Posted 13 May 2012 - 07:38 PM

So last night I was watching a show on watchseries.eu, which hosts it's shows on this website called videoweed (I've done this multiple times) but last night though midway through the show I googled something and it redirected me to random websites such as fabusearch and stuff. So in turn, I ran my Microsoft Security Essentials and nothing came up. So I went and downloaded this anti spryware program called Malwarebytes, which I downloaded, installed and updated. Then I disconnected my PC from the internet, went in safe mode and ran Malwarebytes. Eventually after scanning all my drives, it fould the spyware and I quarantined it. However, when I rebooted my PC and went into normal mode after that my IE is still forwarding me to random sites. After this, I went to :\windows directory and deleted some random (IP localhost and/or either 127.0.0.1:) in "hosts". Yet i'm still getting redirected and stuff.
Sorry for the block of text, but can anyone help me with this?

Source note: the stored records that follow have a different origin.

Lemma D_satisfies_be : satisfies C Eq_be -> satisfies D Eq_be.
Proof.
  intros HE X Y. apply closed_set_ext. intro w. split.
  - apply (cl_star_min (bangs X) Y); [apply cl_closed | auto | apply cl_incl |].
    intros a b (v & Hv & ->) Hb.
    apply (cl_down _ (Mul b (Bang v))); [apply dmul_intro, dbang_intro; assumption|].
    rewrite !eval_mul, eval_bang, HE. apply le_refl.
  - apply (cl_star_min Y (bangs X)); [apply cl_closed | apply cl_incl | auto |].
    intros a b Ha (v & Hv & ->).
    apply (cl_down _ (Mul (Bang v) a)); [apply dmul_intro; [apply dbang_intro|]; assumption|].
    rewrite !eval_mul, eval_bang, HE. apply le_refl.
Qed.

Lemma D_satisfies_ba1 : satisfies C Eq_ba1 -> satisfies D Eq_ba1.
Proof.
  intros HE X Y Z. apply closed_set_ext. intro w. split.
  - apply (cl_star_min (bangs X) (star Y Z)); [apply cl_closed | auto | auto |].
    intros a b (v & Hv & ->) (y & z & Hy & Hz & ->).
    apply (cl_down _ (Mul (Mul (Bang v) y) z));
      [apply dmul_intro; [apply dmul_intro; [apply dbang_intro|]|]; assumption|].
    rewrite !eval_mul, eval_bang, HE. apply le_refl.
  - apply (cl_star_min (star (dbang X) Y) Z); [apply cl_closed | auto | apply cl_incl |].
    intros a z (p & y & Hp & Hy & ->) Hz. revert p Hp.
    apply (dbang_min X (fun p => dmul (dbang X) (dmul Y Z) (Mul (Mul p y) z))).
    { apply (closed_mull (fun q => dmul (dbang X) (dmul Y Z) (Mul q z))).
      apply closed_mull, cl_closed. }
    intros v Hv.
    apply (cl_down _ (Mul (Bang v) (Mul y z)));
      [apply dmul_intro; [apply dbang_intro | apply dmul_intro]; assumption|].
    rewrite !eval_mul, eval_bang, HE. apply le_refl.
Qed.

Lemma D_satisfies_ba2 : satisfies C Eq_ba2 -> satisfies D Eq_ba2.
Proof.
  intros HE X Y Z. apply closed_set_ext. intro w. split.
  - apply (cl_star_min X (star Y (dbang Z))); [apply cl_closed | apply cl_incl | auto |].
    intros x b Hx (y & p & Hy & Hp & ->). revert p Hp.
    apply (dbang_min Z (fun p => dmul (dmul X Y) (dbang Z) (Mul x (Mul y p)))).
    { apply (closed_mulr (fun q => dmul (dmul X Y) (dbang Z) (Mul x q))).
      apply closed_mulr, cl_closed. }
    intros v Hv.
    apply (cl_down _ (Mul (Mul x y) (Bang v)));
      [apply dmul_intro; [apply dmul_intro | apply dbang_intro]; assumption|].
    rewrite !eval_mul, eval_bang, HE. apply le_refl.
  - apply (cl_star_min (star X Y) (bangs Z)); [apply cl_closed | auto | auto |].
    intros a b (x & y & Hx & Hy & ->) (v & Hv & ->).
    apply (cl_down _ (Mul x (Mul y (Bang v))));
      [apply dmul_intro; [|apply dmul_intro; [|apply dbang_intro]]; assumption|].
    rewrite !eval_mul, eval_bang, HE. apply le_refl.
Qed.

Lemma D_satisfies q : satisfies C q -> satisfies D q.
Proof.
  destruct q; [apply D_satisfies_e | apply D_satisfies_c | apply D_satisfies_bc
    | apply D_satisfies_be | apply D_satisfies_ba1 | apply D_satisfies_ba2].
Qed.

(** * Embedding and finiteness *)

Definition embed (c : C) : closed_set := ClosedSet (cl (fun w => le (eval w) c)) (cl_closed _).

Definition in_range (c : C) : Prop := exists a, val a = c.

(* For [c = val a] the principal set {w | eval w <= c} is already closed: it is [basic CHole a]. *)
Lemma embed_spec c : in_range c -> forall w, embed c w <-> le (eval w) c.
Proof.
  intros [a <-] w. split; [|exact (cl_incl _ w)].
  intro Hw. apply (Hw CHole a). auto.
Qed.

Lemma embed_leaf c : in_range c -> exists a, embed c (Leaf a) /\ eval (Leaf a) = c.
Proof.
  intros [a <-]. exists a. split; [|reflexivity].
  apply embed_spec; [exists a; reflexivity | apply le_refl].
Qed.

Lemma embed_inj b c : in_range b -> in_range c -> embed b = embed c -> b = c.
Proof.
  intros Hb Hc E.
  destruct (embed_leaf b Hb) as [ab [Hab Eb]], (embed_leaf c Hc) as [ac [Hac Ec]].
  apply le_antisym.
  - rewrite E, (embed_spec c Hc), Eb in Hab. exact Hab.
  - rewrite <- E, (embed_spec b Hb), Ec in Hac. exact Hac.
Qed.

Lemma embed_meet b c : in_range b -> in_range c -> in_range (meet b c) ->
  embed (meet b c) = dmeet (embed b) (embed c).
Proof.
  intros Hb Hc Hbc. apply closed_set_ext. intro w.
  change (embed (meet b c) w <-> embed b w /\ embed c w).
  rewrite !embed_spec by assumption. split.
  - intro H. split; (eapply le_trans; [exact H|]); [apply le_meetl | apply le_meetr].
  - intros [H1 H2]. apply le_meet; assumption.
Qed.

BC AdBot (Login to Remove)

 


#2 narenxp

narenxp

  • BC Advisor
  • 16,371 posts
  • OFFLINE
  •  
  • Gender:Male
  • Location:India
  • Local time:11:22 AM

Posted 13 May 2012 - 07:58 PM

Download

TDSSkiller

Launch it.Click on change parameters-Select TDLFS file system

Click on "Scan".Please post the LOG report(log file should be in your C drive)


Please download GMER from here(doesnot work on 64 bit OS)

http://www2.gmer.net/download.php

Temporarily disable any real-time active protection so your security programs will not conflict with gmer's driver.

GMER will open to the Rootkit/Malware tab and perform an automatic Full Scan when first run. (do not use the computer while the scan is in progress)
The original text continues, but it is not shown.